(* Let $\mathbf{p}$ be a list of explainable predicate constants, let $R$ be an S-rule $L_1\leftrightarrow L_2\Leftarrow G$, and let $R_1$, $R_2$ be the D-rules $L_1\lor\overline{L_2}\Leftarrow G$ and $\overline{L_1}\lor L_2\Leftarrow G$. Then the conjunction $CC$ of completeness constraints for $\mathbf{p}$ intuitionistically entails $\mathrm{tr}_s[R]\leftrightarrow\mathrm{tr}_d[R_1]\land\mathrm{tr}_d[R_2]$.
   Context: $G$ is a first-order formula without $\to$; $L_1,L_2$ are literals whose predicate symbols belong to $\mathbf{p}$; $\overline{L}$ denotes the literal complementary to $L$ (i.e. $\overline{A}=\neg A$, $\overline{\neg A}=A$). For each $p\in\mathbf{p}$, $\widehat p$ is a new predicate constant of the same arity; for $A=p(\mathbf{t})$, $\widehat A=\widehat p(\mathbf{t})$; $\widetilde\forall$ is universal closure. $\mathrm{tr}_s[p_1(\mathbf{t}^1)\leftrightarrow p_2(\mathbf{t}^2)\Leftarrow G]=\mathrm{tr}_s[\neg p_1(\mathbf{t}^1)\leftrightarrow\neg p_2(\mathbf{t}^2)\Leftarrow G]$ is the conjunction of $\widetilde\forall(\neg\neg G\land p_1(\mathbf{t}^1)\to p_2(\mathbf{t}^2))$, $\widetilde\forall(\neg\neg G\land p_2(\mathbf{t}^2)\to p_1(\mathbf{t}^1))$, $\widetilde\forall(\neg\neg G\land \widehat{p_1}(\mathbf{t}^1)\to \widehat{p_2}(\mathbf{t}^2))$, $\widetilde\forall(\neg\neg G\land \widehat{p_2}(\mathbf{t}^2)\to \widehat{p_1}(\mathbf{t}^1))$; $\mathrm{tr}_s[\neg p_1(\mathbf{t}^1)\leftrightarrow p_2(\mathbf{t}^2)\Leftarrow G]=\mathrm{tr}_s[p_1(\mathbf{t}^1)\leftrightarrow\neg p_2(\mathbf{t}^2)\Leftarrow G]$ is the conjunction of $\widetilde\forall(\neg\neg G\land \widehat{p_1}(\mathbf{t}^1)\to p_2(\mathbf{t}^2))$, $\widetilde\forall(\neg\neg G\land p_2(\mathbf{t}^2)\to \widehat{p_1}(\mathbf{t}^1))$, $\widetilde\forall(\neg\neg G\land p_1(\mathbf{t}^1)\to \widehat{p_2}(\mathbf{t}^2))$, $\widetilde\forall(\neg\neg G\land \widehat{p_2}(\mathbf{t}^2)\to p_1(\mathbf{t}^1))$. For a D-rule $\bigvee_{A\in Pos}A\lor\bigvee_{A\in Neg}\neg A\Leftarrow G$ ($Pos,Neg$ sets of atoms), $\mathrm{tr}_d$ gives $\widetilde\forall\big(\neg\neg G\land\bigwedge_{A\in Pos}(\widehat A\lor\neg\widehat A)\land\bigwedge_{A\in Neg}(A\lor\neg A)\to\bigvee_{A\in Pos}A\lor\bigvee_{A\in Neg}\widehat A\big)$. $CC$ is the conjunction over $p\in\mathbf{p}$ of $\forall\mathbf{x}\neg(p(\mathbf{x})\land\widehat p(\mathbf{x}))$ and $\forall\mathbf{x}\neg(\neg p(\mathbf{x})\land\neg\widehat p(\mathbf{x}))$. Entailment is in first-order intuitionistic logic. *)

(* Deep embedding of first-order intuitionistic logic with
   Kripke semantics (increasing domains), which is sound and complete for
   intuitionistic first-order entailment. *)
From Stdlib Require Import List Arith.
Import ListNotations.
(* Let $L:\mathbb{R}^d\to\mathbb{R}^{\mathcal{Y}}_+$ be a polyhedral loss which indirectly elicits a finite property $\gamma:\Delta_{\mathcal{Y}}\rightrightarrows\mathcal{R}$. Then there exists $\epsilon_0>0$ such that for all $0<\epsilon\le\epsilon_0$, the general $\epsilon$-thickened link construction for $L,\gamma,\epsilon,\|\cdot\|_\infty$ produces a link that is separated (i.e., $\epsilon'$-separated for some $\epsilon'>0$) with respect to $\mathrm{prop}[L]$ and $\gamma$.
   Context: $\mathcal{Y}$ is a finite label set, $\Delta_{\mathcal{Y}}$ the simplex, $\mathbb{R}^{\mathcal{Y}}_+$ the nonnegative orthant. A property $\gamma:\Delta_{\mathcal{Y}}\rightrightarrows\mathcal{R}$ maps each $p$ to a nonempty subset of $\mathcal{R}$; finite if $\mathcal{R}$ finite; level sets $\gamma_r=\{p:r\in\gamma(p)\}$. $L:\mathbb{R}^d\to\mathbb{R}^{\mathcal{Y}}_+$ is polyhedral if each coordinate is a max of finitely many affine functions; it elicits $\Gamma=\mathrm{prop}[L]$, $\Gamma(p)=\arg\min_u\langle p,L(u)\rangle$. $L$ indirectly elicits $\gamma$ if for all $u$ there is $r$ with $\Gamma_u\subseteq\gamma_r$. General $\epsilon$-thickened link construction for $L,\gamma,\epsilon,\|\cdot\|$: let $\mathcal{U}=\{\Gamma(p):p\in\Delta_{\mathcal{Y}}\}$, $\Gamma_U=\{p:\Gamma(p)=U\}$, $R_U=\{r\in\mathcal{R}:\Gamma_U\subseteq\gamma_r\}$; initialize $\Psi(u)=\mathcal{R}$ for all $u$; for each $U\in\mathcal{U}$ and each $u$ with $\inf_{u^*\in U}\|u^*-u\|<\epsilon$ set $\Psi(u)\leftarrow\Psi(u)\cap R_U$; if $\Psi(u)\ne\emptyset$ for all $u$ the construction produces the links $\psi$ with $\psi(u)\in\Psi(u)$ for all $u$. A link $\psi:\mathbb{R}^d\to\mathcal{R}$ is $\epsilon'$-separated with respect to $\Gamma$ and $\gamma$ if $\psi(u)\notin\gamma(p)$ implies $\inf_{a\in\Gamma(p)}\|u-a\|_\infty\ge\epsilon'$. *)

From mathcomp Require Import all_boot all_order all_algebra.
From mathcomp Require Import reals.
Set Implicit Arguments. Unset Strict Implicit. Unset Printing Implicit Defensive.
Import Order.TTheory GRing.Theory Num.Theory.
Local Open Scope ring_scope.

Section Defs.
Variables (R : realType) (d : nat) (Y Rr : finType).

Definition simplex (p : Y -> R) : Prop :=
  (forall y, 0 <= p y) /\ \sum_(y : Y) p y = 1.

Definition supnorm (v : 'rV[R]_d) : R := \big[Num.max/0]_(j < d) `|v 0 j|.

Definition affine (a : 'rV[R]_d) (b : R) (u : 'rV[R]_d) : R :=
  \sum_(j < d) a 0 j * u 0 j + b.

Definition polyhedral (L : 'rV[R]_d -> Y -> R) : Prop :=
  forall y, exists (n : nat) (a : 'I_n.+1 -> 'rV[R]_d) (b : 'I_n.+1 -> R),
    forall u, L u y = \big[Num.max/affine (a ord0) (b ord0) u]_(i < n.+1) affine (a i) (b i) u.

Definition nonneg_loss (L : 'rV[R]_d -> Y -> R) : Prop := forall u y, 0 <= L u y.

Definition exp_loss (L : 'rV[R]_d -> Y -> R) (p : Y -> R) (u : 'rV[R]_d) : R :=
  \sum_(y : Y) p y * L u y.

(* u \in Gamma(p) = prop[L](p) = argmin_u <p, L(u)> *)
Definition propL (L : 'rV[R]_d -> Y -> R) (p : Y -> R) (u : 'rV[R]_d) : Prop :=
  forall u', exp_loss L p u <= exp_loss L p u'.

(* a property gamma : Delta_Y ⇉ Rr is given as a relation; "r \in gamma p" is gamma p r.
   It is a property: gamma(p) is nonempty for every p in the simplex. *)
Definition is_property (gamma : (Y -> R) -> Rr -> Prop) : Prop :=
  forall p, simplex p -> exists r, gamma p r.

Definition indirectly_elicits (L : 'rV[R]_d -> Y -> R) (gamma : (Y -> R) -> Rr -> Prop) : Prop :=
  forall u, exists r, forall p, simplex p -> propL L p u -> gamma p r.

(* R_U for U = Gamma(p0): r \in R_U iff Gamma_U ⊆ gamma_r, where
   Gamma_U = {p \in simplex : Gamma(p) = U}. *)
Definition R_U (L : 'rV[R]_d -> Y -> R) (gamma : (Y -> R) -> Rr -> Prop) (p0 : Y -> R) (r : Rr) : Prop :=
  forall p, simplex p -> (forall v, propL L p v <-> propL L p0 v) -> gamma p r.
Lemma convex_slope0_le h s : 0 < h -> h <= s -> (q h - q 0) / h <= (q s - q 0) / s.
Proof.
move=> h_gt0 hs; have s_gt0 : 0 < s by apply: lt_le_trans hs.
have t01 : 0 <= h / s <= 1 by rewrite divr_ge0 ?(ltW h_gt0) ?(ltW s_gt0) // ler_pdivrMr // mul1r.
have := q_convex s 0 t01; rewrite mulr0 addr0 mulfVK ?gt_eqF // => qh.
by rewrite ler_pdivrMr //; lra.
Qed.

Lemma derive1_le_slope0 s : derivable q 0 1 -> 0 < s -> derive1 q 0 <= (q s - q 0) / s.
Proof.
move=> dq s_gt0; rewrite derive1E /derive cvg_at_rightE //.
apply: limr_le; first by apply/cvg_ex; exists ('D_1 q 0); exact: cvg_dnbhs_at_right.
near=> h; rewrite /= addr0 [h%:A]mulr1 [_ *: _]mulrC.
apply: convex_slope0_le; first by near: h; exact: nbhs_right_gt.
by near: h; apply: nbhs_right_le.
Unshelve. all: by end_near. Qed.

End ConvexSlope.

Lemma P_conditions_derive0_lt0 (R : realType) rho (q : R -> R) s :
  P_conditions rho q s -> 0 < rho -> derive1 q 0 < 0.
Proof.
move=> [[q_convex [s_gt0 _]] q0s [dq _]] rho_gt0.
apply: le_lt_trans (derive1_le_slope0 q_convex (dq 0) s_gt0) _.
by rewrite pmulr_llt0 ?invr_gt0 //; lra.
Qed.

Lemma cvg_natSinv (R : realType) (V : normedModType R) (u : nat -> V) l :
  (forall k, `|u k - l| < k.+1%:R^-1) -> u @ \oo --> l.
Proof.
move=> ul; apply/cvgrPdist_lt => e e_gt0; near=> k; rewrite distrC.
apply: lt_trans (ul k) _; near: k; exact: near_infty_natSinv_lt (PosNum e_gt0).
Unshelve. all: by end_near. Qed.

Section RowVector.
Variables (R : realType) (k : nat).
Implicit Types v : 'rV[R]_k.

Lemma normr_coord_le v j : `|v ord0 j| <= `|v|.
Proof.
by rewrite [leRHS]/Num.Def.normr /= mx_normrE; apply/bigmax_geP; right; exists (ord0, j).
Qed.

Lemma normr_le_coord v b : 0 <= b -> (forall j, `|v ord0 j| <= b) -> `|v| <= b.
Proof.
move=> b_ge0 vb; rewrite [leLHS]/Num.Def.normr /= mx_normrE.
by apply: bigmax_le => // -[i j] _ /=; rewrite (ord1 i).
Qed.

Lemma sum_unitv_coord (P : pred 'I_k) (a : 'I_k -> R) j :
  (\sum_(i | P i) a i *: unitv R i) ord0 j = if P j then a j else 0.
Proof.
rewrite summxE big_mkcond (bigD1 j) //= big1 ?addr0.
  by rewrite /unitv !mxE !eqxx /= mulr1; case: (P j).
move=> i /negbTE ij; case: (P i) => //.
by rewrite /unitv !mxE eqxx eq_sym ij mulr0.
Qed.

═══

> **Description of the task**
Give the count of lines that hold the word "have" in the listing above, with no other text.

> **Exercise response**
3